*What the task requires*: Only one stretch of the listing below is wanted. Give it again exactly, from the line with "empty or a singleton;" through the line with "Definition entropy0 (A".

Data extract START

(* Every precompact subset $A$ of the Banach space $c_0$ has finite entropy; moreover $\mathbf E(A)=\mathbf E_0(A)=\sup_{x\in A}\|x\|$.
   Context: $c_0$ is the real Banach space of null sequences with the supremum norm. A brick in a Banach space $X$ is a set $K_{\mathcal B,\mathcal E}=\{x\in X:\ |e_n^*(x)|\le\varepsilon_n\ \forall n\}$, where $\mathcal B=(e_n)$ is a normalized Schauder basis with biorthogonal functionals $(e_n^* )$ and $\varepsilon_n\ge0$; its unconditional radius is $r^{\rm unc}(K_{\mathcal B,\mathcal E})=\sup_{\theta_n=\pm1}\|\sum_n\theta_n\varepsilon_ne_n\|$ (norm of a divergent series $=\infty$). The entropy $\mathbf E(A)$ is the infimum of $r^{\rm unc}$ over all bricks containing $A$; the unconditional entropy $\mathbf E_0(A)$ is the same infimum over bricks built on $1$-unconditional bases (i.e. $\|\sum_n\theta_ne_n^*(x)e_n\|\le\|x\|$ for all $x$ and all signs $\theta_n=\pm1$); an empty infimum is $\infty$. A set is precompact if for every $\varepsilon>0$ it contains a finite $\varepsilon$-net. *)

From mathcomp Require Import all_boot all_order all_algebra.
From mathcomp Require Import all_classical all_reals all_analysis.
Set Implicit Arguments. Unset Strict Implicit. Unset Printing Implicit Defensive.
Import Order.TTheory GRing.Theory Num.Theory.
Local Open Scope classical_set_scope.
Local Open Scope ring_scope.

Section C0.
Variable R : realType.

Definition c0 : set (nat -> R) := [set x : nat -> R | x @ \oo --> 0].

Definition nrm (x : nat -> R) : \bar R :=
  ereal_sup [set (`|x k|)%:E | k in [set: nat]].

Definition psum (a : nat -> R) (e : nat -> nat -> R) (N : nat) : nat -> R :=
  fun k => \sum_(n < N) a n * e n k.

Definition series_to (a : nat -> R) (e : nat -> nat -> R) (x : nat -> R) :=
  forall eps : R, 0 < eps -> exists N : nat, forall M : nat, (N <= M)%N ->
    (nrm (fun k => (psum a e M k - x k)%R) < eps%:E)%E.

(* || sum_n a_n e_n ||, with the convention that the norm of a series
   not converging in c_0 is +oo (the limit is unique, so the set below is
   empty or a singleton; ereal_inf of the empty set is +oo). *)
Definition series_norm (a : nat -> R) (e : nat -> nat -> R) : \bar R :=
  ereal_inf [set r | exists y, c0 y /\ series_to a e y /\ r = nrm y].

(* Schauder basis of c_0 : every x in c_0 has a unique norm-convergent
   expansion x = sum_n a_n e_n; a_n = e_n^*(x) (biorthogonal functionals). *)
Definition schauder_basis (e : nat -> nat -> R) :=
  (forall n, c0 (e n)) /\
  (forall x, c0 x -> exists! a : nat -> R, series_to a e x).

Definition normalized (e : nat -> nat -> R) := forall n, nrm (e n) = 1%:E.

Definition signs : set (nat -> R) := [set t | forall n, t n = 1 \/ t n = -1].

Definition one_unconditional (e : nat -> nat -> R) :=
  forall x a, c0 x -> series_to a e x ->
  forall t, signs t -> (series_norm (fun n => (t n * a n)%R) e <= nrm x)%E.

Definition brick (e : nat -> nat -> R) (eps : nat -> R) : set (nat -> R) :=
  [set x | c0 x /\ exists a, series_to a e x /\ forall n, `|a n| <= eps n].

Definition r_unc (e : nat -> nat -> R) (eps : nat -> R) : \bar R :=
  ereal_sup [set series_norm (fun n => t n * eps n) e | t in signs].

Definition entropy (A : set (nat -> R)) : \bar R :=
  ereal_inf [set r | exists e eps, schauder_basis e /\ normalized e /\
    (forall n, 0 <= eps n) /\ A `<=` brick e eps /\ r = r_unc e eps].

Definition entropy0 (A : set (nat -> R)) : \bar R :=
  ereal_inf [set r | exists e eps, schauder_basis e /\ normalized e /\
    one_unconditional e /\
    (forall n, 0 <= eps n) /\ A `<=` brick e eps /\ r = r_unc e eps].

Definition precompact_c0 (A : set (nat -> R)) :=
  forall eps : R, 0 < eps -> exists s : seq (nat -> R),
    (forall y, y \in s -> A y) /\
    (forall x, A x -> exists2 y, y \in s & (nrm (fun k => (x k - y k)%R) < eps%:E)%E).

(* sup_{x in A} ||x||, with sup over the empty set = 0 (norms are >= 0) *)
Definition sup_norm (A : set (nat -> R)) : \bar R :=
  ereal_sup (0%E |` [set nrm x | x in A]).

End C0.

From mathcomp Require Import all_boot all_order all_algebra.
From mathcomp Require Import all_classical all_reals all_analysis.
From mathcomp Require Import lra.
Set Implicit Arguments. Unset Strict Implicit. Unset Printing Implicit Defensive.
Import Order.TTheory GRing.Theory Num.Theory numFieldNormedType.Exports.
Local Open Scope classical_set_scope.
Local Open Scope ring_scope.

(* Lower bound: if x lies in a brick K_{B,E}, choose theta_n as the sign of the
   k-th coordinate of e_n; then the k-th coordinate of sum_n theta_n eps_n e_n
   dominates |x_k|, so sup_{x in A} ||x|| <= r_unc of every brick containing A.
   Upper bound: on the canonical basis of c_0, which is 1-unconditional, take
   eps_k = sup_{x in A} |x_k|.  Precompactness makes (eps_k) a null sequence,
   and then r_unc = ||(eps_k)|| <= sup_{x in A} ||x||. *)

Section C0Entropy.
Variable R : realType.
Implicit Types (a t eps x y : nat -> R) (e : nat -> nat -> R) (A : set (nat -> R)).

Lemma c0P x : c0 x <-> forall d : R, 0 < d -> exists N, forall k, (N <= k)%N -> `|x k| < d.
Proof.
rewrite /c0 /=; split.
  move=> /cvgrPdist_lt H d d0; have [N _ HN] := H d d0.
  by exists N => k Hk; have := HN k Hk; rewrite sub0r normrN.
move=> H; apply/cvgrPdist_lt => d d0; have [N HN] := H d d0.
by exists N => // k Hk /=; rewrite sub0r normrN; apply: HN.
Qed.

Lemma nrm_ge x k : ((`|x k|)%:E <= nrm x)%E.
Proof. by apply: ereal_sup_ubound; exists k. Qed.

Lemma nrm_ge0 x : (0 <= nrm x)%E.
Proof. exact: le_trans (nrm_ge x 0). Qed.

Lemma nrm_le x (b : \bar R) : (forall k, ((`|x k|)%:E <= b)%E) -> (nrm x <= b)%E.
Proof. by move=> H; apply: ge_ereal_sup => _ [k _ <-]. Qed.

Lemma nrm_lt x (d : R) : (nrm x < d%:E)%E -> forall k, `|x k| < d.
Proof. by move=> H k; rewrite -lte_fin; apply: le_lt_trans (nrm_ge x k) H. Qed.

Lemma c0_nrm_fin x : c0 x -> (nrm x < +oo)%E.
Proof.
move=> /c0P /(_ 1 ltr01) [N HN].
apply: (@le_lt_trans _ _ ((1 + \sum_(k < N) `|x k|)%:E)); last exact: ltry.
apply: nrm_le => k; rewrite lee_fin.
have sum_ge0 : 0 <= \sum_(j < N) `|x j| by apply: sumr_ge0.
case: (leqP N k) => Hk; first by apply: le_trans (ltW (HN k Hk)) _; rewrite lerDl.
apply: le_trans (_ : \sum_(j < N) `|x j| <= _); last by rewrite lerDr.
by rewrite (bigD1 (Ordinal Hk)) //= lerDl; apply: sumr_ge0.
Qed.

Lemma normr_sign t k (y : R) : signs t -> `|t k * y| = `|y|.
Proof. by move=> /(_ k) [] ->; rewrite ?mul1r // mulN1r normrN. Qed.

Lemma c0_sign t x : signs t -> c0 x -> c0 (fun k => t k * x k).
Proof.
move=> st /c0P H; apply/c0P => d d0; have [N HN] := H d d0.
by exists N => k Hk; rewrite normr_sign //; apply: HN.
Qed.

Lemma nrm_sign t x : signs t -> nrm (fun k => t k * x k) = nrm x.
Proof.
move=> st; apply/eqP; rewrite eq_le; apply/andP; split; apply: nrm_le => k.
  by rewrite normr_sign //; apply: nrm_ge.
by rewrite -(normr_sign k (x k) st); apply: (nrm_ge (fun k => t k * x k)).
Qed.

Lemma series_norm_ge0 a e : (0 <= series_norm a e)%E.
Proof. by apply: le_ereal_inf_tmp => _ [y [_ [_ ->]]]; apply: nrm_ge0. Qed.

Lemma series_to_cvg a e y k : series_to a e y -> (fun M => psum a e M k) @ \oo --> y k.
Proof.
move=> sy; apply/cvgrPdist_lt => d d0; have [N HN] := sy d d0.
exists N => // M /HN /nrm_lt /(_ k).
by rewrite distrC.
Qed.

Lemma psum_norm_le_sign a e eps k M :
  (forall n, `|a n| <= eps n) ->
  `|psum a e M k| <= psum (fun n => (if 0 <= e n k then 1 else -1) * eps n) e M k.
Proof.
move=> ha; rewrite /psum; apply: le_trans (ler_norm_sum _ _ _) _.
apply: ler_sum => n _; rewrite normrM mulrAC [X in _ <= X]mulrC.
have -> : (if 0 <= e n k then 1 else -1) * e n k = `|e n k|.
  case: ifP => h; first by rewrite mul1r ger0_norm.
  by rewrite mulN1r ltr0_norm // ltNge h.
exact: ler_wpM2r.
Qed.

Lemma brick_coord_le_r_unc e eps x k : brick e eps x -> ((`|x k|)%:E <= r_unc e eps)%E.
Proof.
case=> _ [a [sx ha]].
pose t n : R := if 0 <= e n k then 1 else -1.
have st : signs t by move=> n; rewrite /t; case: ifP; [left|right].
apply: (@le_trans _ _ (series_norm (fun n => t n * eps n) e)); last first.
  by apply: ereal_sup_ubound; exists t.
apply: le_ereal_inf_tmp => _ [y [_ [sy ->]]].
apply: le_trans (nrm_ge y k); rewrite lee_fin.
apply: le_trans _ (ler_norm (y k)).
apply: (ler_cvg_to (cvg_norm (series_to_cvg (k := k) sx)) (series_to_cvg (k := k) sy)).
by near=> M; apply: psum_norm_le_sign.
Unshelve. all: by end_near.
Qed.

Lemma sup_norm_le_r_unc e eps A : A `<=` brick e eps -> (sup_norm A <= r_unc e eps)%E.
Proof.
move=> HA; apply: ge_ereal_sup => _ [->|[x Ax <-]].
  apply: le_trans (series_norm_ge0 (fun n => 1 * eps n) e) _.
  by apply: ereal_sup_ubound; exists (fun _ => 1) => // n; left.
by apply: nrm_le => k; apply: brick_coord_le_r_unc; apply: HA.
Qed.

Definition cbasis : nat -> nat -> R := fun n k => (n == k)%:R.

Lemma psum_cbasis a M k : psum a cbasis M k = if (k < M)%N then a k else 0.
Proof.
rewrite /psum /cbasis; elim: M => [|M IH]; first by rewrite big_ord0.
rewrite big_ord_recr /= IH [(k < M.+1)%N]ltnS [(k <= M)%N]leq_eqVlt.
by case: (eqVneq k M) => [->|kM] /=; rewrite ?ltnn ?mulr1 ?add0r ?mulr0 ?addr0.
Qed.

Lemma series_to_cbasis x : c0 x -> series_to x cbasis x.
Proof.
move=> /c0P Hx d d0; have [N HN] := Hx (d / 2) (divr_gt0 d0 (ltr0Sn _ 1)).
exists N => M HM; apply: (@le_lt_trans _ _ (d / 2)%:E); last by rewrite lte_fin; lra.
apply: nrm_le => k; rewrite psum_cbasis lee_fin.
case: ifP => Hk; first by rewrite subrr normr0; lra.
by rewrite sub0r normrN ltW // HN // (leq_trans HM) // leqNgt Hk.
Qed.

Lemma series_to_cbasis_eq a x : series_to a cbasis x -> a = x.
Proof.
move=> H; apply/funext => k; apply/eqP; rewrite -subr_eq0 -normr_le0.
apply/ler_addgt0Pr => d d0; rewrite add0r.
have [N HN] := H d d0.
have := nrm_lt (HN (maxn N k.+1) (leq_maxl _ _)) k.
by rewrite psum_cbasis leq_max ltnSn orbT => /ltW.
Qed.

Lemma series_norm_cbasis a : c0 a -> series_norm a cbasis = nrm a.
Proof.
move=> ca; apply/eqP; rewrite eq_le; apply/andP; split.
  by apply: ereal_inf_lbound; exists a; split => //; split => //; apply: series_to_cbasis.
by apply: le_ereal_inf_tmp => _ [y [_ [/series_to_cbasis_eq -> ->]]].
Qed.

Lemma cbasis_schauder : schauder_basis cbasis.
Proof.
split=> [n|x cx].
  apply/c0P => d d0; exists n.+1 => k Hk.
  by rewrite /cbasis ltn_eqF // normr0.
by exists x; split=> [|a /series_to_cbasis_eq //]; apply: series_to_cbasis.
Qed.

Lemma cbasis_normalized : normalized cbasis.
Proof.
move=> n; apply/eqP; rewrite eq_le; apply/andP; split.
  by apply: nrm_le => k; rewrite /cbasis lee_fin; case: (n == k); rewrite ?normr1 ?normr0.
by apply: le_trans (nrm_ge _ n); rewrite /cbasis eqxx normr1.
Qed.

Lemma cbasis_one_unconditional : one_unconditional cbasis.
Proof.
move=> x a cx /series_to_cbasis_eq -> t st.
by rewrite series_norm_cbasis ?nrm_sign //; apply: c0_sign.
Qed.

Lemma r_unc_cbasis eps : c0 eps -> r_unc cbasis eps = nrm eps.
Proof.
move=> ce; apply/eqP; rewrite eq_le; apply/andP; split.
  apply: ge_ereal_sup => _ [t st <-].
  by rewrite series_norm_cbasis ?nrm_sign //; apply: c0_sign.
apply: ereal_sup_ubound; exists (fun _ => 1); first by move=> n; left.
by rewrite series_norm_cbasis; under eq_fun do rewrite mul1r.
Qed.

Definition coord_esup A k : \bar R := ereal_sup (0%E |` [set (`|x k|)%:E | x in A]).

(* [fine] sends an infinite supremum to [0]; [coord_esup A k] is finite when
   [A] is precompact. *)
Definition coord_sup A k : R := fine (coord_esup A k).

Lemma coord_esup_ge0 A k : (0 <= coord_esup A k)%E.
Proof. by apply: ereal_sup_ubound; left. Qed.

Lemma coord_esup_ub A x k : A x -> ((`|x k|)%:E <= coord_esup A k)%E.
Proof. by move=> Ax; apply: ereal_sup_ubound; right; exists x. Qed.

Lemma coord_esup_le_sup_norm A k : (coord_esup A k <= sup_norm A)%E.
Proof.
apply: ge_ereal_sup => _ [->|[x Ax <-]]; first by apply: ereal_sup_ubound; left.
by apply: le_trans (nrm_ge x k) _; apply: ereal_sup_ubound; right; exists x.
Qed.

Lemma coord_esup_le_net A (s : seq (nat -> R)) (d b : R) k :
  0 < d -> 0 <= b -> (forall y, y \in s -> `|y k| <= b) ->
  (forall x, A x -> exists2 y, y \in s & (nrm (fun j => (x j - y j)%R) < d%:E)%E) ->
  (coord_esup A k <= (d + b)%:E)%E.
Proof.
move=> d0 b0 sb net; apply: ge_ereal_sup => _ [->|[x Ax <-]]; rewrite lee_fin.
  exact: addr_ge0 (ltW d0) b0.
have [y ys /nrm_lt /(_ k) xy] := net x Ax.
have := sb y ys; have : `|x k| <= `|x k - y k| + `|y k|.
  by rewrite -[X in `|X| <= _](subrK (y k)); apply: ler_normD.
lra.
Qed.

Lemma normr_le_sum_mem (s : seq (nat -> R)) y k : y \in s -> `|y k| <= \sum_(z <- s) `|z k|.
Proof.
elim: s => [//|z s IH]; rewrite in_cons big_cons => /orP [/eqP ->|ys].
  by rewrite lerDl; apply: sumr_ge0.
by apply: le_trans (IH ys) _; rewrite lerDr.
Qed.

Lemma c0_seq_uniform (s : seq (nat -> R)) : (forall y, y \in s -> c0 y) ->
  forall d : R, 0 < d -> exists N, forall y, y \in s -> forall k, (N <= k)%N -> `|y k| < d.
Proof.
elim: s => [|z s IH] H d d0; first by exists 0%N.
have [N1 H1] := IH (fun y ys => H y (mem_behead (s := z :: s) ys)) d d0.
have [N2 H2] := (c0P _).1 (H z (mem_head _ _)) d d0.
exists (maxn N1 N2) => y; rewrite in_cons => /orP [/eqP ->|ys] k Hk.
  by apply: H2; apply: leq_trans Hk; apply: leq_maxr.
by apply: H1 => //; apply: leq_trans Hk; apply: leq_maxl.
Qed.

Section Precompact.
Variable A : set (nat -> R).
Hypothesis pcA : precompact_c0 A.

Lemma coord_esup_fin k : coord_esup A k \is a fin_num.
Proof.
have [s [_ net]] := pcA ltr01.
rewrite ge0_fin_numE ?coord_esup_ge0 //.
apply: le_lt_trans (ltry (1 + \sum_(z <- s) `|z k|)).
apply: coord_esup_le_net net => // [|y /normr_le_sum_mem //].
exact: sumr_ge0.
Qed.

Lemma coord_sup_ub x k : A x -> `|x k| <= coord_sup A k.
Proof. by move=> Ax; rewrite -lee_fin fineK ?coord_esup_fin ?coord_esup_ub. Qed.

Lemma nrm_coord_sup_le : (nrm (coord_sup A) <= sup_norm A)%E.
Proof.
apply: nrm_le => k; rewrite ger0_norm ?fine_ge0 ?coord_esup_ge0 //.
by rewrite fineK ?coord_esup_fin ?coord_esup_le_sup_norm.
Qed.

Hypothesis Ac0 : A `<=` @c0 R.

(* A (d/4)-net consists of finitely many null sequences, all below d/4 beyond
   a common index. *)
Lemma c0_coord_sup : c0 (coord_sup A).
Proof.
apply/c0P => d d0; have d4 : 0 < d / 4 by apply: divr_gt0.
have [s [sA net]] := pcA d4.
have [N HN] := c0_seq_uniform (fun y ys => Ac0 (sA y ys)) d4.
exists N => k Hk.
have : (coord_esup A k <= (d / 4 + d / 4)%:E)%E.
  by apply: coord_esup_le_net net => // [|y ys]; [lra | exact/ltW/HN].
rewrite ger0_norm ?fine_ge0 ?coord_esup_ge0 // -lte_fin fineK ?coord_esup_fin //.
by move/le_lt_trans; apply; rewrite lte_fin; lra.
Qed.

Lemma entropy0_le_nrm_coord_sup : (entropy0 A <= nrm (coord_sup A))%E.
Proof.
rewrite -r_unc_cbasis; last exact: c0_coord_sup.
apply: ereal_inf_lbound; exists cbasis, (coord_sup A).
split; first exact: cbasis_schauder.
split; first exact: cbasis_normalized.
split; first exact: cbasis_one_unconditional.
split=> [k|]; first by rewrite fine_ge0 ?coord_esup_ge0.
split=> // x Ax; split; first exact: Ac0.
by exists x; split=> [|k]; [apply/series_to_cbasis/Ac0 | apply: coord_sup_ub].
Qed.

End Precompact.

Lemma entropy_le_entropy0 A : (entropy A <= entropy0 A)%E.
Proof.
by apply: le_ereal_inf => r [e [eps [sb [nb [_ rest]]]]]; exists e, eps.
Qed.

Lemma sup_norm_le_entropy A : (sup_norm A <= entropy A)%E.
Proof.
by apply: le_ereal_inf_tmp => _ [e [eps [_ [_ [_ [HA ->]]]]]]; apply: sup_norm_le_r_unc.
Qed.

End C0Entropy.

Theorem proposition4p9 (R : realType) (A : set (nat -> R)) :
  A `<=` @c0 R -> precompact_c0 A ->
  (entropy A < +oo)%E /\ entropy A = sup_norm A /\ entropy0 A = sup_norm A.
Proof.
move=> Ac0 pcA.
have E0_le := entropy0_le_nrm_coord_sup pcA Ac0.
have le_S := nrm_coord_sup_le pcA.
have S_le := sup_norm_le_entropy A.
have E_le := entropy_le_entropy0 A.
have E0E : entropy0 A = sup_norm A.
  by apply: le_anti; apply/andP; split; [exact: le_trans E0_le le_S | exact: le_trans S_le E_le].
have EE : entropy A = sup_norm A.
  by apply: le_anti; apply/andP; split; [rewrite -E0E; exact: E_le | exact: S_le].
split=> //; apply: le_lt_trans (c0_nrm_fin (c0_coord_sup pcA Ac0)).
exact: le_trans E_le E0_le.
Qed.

Data extract END

*Exercise result*:
   empty or a singleton; ereal_inf of the empty set is +oo). *)
Definition series_norm (a : nat -> R) (e : nat -> nat -> R) : \bar R :=
  ereal_inf [set r | exists y, c0 y /\ series_to a e y /\ r = nrm y].

(* Schauder basis of c_0 : every x in c_0 has a unique norm-convergent
   expansion x = sum_n a_n e_n; a_n = e_n^*(x) (biorthogonal functionals). *)
Definition schauder_basis (e : nat -> nat -> R) :=
  (forall n, c0 (e n)) /\
  (forall x, c0 x -> exists! a : nat -> R, series_to a e x).

Definition normalized (e : nat -> nat -> R) := forall n, nrm (e n) = 1%:E.

Definition signs : set (nat -> R) := [set t | forall n, t n = 1 \/ t n = -1].

Definition one_unconditional (e : nat -> nat -> R) :=
  forall x a, c0 x -> series_to a e x ->
  forall t, signs t -> (series_norm (fun n => (t n * a n)%R) e <= nrm x)%E.

Definition brick (e : nat -> nat -> R) (eps : nat -> R) : set (nat -> R) :=
  [set x | c0 x /\ exists a, series_to a e x /\ forall n, `|a n| <= eps n].

Definition r_unc (e : nat -> nat -> R) (eps : nat -> R) : \bar R :=
  ereal_sup [set series_norm (fun n => t n * eps n) e | t in signs].

Definition entropy (A : set (nat -> R)) : \bar R :=
  ereal_inf [set r | exists e eps, schauder_basis e /\ normalized e /\
    (forall n, 0 <= eps n) /\ A `<=` brick e eps /\ r = r_unc e eps].

Definition entropy0 (A : set (nat -> R)) : \bar R :=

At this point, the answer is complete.